Stored data:
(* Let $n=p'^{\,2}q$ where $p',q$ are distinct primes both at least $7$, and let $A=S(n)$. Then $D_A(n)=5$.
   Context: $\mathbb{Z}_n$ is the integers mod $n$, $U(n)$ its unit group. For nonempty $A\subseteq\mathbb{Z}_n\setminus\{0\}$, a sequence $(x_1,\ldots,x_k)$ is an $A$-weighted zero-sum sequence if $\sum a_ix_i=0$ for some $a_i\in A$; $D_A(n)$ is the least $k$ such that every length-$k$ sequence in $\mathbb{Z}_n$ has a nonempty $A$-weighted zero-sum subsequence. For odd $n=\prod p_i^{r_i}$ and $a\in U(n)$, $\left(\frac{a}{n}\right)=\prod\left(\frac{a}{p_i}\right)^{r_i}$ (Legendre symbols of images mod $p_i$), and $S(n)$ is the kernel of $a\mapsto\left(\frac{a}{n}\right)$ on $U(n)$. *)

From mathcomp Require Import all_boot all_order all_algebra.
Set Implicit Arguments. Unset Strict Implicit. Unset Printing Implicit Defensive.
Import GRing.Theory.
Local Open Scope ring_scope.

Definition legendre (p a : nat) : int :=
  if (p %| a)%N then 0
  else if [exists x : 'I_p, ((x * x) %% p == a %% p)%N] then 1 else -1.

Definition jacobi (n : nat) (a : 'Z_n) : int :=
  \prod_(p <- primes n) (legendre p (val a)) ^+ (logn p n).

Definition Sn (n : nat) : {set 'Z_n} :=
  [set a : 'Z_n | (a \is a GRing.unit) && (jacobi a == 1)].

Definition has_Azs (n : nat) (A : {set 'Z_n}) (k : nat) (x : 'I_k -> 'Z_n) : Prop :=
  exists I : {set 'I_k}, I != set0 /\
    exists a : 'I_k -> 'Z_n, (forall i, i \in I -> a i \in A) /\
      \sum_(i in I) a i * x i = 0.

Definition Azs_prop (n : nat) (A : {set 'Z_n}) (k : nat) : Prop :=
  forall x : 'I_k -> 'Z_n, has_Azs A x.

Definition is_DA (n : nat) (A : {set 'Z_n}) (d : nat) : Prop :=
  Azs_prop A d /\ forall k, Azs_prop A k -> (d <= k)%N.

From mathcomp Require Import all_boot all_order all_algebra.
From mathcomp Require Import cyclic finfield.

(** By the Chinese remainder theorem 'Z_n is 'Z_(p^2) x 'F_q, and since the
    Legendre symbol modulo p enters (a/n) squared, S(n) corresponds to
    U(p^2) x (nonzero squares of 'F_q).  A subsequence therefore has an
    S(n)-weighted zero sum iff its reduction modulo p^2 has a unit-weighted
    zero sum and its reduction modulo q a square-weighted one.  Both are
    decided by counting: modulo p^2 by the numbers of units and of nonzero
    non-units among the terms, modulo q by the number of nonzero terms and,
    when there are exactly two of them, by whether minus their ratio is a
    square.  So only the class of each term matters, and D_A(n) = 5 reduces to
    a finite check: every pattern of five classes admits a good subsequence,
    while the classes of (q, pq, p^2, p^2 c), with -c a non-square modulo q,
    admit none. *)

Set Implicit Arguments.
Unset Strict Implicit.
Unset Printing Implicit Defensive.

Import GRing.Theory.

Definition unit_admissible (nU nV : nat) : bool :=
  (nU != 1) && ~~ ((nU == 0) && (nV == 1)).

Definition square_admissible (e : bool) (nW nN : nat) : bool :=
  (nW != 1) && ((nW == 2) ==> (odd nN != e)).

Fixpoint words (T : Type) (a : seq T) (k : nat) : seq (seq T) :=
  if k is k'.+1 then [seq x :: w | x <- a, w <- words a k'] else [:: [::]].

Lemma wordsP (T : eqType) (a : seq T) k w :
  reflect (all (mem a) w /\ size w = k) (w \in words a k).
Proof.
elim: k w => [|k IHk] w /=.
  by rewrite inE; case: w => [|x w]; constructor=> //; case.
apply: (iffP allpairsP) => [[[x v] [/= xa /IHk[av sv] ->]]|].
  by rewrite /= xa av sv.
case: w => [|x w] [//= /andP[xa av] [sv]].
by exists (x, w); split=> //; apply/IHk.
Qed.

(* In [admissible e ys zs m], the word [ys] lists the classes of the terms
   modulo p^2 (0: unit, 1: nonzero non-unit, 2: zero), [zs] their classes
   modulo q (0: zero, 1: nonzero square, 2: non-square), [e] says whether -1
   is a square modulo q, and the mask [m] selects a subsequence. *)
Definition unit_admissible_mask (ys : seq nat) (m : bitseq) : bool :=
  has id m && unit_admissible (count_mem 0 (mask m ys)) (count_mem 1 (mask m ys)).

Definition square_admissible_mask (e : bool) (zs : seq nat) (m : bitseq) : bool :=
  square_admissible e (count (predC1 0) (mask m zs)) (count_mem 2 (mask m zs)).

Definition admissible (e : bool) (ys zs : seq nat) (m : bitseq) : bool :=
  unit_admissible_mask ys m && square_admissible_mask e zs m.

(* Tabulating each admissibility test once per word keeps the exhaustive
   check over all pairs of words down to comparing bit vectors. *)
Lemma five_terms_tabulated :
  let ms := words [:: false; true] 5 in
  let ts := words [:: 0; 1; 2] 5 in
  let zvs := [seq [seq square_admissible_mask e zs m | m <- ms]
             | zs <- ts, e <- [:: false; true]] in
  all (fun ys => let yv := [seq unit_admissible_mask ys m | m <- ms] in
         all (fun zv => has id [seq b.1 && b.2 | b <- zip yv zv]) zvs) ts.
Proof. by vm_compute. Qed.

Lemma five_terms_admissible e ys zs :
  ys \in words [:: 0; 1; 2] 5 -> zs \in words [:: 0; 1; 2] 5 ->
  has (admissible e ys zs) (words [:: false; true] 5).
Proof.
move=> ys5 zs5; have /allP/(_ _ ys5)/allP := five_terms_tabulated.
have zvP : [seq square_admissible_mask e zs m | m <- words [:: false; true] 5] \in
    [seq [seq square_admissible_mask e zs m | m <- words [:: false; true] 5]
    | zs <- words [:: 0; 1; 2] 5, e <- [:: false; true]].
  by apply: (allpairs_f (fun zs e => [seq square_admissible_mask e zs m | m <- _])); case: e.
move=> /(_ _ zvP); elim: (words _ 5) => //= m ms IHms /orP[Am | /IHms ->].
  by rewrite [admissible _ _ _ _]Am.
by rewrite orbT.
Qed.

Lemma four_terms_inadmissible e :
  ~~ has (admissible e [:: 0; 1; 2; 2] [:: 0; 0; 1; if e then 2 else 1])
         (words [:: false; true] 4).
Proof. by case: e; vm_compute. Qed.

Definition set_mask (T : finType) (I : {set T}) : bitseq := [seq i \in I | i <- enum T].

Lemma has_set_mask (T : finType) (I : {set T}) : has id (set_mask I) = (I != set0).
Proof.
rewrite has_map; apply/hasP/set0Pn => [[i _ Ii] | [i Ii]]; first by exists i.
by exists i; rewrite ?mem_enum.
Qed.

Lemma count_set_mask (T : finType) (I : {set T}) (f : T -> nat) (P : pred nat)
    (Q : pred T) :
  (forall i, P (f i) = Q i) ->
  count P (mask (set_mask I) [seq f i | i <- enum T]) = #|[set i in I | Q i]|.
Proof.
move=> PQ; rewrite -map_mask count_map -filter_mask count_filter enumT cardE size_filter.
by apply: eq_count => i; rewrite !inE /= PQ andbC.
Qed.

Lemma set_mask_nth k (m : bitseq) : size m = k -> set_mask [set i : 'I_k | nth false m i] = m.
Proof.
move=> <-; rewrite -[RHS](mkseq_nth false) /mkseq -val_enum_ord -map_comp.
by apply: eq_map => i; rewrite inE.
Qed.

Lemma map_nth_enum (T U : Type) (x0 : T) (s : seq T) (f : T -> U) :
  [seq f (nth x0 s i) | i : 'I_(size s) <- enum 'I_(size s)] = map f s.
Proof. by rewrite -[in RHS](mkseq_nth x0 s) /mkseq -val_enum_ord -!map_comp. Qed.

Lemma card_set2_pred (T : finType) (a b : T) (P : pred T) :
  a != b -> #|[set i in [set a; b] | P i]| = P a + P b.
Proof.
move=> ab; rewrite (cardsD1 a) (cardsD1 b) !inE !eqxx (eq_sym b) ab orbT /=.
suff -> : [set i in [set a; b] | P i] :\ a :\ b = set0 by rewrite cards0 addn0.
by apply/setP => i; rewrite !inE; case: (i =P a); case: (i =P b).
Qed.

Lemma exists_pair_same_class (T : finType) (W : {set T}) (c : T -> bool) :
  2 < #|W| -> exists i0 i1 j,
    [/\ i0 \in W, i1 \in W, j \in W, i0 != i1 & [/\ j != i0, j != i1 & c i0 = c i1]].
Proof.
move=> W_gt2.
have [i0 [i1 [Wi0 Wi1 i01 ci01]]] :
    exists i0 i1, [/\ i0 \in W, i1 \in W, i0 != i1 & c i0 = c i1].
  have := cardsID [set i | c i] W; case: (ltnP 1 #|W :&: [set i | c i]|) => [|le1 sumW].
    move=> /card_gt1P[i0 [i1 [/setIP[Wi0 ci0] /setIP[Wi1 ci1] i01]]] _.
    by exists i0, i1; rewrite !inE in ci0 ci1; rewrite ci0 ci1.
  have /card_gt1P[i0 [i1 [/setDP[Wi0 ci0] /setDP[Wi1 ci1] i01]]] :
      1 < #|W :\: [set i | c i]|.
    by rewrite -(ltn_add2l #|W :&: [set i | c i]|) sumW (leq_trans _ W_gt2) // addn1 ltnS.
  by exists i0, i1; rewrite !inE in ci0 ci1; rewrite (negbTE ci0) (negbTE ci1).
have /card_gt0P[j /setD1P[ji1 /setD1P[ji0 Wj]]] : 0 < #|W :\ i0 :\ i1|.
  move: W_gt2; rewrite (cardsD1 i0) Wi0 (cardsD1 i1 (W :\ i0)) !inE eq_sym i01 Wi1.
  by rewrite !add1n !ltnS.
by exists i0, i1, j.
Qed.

==

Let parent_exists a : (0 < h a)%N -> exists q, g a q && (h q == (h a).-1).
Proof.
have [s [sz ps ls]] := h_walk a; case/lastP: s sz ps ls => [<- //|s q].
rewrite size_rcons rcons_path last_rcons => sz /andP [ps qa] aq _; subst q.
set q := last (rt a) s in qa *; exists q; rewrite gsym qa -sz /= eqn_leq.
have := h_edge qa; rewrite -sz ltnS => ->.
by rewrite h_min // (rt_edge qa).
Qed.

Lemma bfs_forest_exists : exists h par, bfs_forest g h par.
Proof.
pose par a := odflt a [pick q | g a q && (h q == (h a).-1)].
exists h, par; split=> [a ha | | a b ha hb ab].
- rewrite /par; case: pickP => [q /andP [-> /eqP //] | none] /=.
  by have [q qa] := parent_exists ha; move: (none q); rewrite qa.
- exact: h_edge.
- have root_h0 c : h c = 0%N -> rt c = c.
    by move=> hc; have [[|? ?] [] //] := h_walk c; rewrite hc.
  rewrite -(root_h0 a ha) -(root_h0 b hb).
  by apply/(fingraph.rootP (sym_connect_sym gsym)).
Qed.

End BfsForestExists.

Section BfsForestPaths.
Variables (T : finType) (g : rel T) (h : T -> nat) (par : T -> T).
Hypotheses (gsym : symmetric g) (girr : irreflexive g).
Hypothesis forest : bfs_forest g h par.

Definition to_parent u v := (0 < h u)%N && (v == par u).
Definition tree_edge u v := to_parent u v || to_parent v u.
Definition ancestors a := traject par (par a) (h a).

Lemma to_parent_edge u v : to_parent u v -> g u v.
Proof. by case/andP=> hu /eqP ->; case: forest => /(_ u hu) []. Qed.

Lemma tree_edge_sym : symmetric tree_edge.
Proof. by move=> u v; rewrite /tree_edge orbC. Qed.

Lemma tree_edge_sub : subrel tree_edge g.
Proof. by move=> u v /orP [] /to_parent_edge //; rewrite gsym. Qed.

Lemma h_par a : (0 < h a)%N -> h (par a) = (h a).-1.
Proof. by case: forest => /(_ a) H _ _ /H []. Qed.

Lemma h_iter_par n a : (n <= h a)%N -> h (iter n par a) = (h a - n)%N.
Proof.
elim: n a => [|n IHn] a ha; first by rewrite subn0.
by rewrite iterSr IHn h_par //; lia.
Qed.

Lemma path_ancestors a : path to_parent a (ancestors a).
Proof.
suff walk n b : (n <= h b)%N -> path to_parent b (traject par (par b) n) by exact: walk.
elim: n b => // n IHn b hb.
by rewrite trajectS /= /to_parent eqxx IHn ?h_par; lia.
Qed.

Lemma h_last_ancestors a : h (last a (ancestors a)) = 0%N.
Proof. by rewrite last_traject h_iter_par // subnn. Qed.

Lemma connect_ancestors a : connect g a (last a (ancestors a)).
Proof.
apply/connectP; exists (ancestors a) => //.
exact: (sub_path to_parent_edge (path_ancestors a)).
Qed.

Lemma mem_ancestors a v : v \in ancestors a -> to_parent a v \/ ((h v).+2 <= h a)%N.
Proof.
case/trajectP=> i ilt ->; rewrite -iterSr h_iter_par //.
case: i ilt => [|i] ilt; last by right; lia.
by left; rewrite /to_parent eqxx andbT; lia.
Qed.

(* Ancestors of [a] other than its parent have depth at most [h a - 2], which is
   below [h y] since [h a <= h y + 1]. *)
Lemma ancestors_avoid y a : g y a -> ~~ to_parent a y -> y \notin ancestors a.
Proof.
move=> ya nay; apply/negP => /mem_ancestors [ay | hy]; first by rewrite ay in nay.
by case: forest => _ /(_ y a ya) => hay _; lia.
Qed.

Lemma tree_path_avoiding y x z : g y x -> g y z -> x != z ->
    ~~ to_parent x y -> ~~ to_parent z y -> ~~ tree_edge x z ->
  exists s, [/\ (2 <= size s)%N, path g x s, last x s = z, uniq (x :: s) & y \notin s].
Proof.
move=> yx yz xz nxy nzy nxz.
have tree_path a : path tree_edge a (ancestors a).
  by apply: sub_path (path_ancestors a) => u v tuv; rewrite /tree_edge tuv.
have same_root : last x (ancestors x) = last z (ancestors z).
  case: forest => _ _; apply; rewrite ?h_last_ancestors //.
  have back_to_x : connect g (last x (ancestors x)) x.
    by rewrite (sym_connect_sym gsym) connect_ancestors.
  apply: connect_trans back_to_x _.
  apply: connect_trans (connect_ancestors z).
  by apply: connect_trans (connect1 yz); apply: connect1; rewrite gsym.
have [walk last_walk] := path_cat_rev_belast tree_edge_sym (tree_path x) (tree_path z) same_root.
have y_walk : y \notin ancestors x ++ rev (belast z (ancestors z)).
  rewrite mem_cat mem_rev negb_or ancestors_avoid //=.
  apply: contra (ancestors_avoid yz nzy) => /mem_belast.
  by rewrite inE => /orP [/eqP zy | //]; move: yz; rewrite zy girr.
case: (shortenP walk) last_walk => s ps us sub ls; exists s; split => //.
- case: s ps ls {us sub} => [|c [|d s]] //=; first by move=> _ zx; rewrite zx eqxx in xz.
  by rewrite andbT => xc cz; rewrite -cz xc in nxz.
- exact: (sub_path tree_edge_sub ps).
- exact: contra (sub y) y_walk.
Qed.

▶ _What needs to be done_
For each line of the entries that contains the word "andbT", make a copy.

▶ _Task answer_
by left; rewrite /to_parent eqxx andbT; lia.
  by rewrite andbT => xc cz; rewrite -cz xc in nxz.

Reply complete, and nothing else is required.